Exercise:
The required output consists solely of the lines from the top of the listing through the line containing "0 < - Q2 a b", transcribed exactly.

- - -

(* Let $a,b$ be coprime positive integers with $ab\ne1$. Then $$M_{a,b}(B)=\#\left\{(s,t)\in\mathbb{Z}^2:\ \begin{array}{l}\gcd(s,t)=1,\ s(s-at)\ne0,\ s/t\ne(a^2-b^2)/(2a),\\ t>0,\ 0<-Q_3(s,t),\\ 0<-Q_j(s,t)\le \lambda B/\max\{a,b\}\text{ for }j=1,2\end{array}\right\}+O(1),$$ where $\lambda=\gcd(Q_1(s,t),Q_2(s,t))$.
   Context: $M_{a,b}(B)$ is the number of $(x,y,z)\in\mathbb{N}^3$ with $(a^2-b^2)x^2+(a^2+b^2)y^2=2z^2$, $\gcd(x,y)=1$ and $\max\{a,b\}\max\{x,y\}\le B$. The binary quadratic forms are $Q_1(s,t)=2s^2+(a^2-b^2)t^2-4ast$, $Q_2(s,t)=-2s^2+(a^2-b^2)t^2$, $Q_3(s,t)=-2as^2+2(a^2-b^2)st-a(a^2-b^2)t^2$. The implied constant is absolute. *)

From Stdlib Require Import ZArith Reals List.
Import ListNotations.
Open Scope Z_scope.

Definition card_is {T : Type} (P : T -> Prop) (n : nat) : Prop :=
  exists l : list T, NoDup l /\ length l = n /\ (forall x, In x l <-> P x).

Definition Q1 (a b s t : Z) : Z := 2*s^2 + (a^2 - b^2)*t^2 - 4*a*s*t.
Definition Q2 (a b s t : Z) : Z := -2*s^2 + (a^2 - b^2)*t^2.
Definition Q3 (a b s t : Z) : Z := -2*a*s^2 + 2*(a^2 - b^2)*s*t - a*(a^2 - b^2)*t^2.

Definition M_set (a b : Z) (B : R) (p : Z * Z * Z) : Prop :=
  let '(x, y, z) := p in
  0 < x /\ 0 < y /\ 0 < z /\
  (a^2 - b^2)*x^2 + (a^2 + b^2)*y^2 = 2*z^2 /\
  Z.gcd x y = 1 /\
  (IZR (Z.max a b * Z.max x y) <= B)%R.

Definition ST_set (a b : Z) (B : R) (p : Z * Z) : Prop :=
  let '(s, t) := p in
  let lam := Z.gcd (Q1 a b s t) (Q2 a b s t) in
  Z.gcd s t = 1 /\ s * (s - a*t) <> 0 /\
  (IZR s / IZR t <> IZR (a^2 - b^2) / IZR (2*a))%R /\
  0 < t /\ 0 < - Q3 a b s t /\
  0 < - Q1 a b s t /\ (IZR (- Q1 a b s t) <= IZR lam * B / IZR (Z.max a b))%R /\
  0 < - Q2 a b s t /\ (IZR (- Q2 a b s t) <= IZR lam * B / IZR (Z.max a b))%R.

From Stdlib Require Import ZArith Reals List Lia Lra Classical.
Import ListNotations.
Open Scope Z_scope.

(* With [D = a^2 - b^2] and [E = a^2 + b^2], the forms parametrize the conic
   [D X^2 + E Y^2 = 2 Z^2]: [D Q1^2 + E Q2^2 = 2 Q3^2], and a point [(x, y, z)]
   of the conic is [(Q1 : Q2 : Q3)(s, t)] for the line
   [(s : t) = (D (a x + z) : D x - E y + 2 a z)].  Normalizing both sides --
   [(s, t)] primitive with [t > 0], and [(x, y, z) = -(Q1, Q2, Q3)(s, t) / lambda]
   -- turns this into a bijection between the points counted by [M_{a,b}(B)]
   and the pairs [(s, t)] on the right, up to the three excluded lines.  Here
   [lambda] divides [Q3] because [lambda^2 | 2 Q3^2] and [2] is squarefree, the
   sign conditions hold because [Q2] and [Q3] are never both positive, and the
   height condition transfers because [max(x, y) = max(-Q1, -Q2) / lambda]. *)

Lemma card_is_of_incl {T : Type} (P : T -> Prop) (L : list T) :
  (forall x, P x -> In x L) -> exists n, card_is P n.
Proof.
  revert P; induction L as [|a L IH]; intros P HP.
  - exists 0%nat, []. repeat split; [constructor| |]; intros H; [destruct H|].
    exact (HP x H).
  - destruct (IH (fun x => P x /\ x <> a)) as [n [l [Hnd [Hl Hin]]]].
    { intros x [Hx Hxa]. destruct (HP x Hx); [congruence|assumption]. }
    destruct (classic (P a)) as [Pa|nPa].
    + exists (S n), (a :: l). split; [|split].
      * constructor; [|exact Hnd]. intros H. apply Hin in H. tauto.
      * simpl; congruence.
      * intros x; simpl; split.
        -- intros [<-|H]; [exact Pa|apply Hin in H; tauto].
        -- intros Px. destruct (classic (x = a)) as [->|Hxa]; [left; reflexivity|].
           right; apply Hin; tauto.
    + exists n, l. split; [exact Hnd|split; [exact Hl|]].
      intros x; split.
      * intros H; apply Hin in H; tauto.
      * intros Px. apply Hin. split; [exact Px|]. intros ->; tauto.
Qed.

Section Counting.
Context {A B : Type}.

Lemma card_is_of_image (P : A -> Prop) (Q : B -> Prop) (g : A -> B) m :
  card_is P m -> (forall q, Q q -> exists p, P p /\ g p = q) ->
  exists n, card_is Q n.
Proof.
  intros [l [_ [_ Hl]]] HQ. apply (card_is_of_incl Q (map g l)).
  intros q Hq. destruct (HQ q Hq) as [p [Hp <-]]. apply in_map, Hl, Hp.
Qed.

- - -

The completed task:
(* Let $a,b$ be coprime positive integers with $ab\ne1$. Then $$M_{a,b}(B)=\#\left\{(s,t)\in\mathbb{Z}^2:\ \begin{array}{l}\gcd(s,t)=1,\ s(s-at)\ne0,\ s/t\ne(a^2-b^2)/(2a),\\ t>0,\ 0<-Q_3(s,t),\\ 0<-Q_j(s,t)\le \lambda B/\max\{a,b\}\text{ for }j=1,2\end{array}\right\}+O(1),$$ where $\lambda=\gcd(Q_1(s,t),Q_2(s,t))$.
   Context: $M_{a,b}(B)$ is the number of $(x,y,z)\in\mathbb{N}^3$ with $(a^2-b^2)x^2+(a^2+b^2)y^2=2z^2$, $\gcd(x,y)=1$ and $\max\{a,b\}\max\{x,y\}\le B$. The binary quadratic forms are $Q_1(s,t)=2s^2+(a^2-b^2)t^2-4ast$, $Q_2(s,t)=-2s^2+(a^2-b^2)t^2$, $Q_3(s,t)=-2as^2+2(a^2-b^2)st-a(a^2-b^2)t^2$. The implied constant is absolute. *)

From Stdlib Require Import ZArith Reals List.
Import ListNotations.
Open Scope Z_scope.

Definition card_is {T : Type} (P : T -> Prop) (n : nat) : Prop :=
  exists l : list T, NoDup l /\ length l = n /\ (forall x, In x l <-> P x).

Definition Q1 (a b s t : Z) : Z := 2*s^2 + (a^2 - b^2)*t^2 - 4*a*s*t.
Definition Q2 (a b s t : Z) : Z := -2*s^2 + (a^2 - b^2)*t^2.
Definition Q3 (a b s t : Z) : Z := -2*a*s^2 + 2*(a^2 - b^2)*s*t - a*(a^2 - b^2)*t^2.

Definition M_set (a b : Z) (B : R) (p : Z * Z * Z) : Prop :=
  let '(x, y, z) := p in
  0 < x /\ 0 < y /\ 0 < z /\
  (a^2 - b^2)*x^2 + (a^2 + b^2)*y^2 = 2*z^2 /\
  Z.gcd x y = 1 /\
  (IZR (Z.max a b * Z.max x y) <= B)%R.

Definition ST_set (a b : Z) (B : R) (p : Z * Z) : Prop :=
  let '(s, t) := p in
  let lam := Z.gcd (Q1 a b s t) (Q2 a b s t) in
  Z.gcd s t = 1 /\ s * (s - a*t) <> 0 /\
  (IZR s / IZR t <> IZR (a^2 - b^2) / IZR (2*a))%R /\
  0 < t /\ 0 < - Q3 a b s t /\
  0 < - Q1 a b s t /\ (IZR (- Q1 a b s t) <= IZR lam * B / IZR (Z.max a b))%R /\
  0 < - Q2 a b s t /\ (IZR (- Q2 a b s t) <= IZR lam * B / IZR (Z.max a b))%R.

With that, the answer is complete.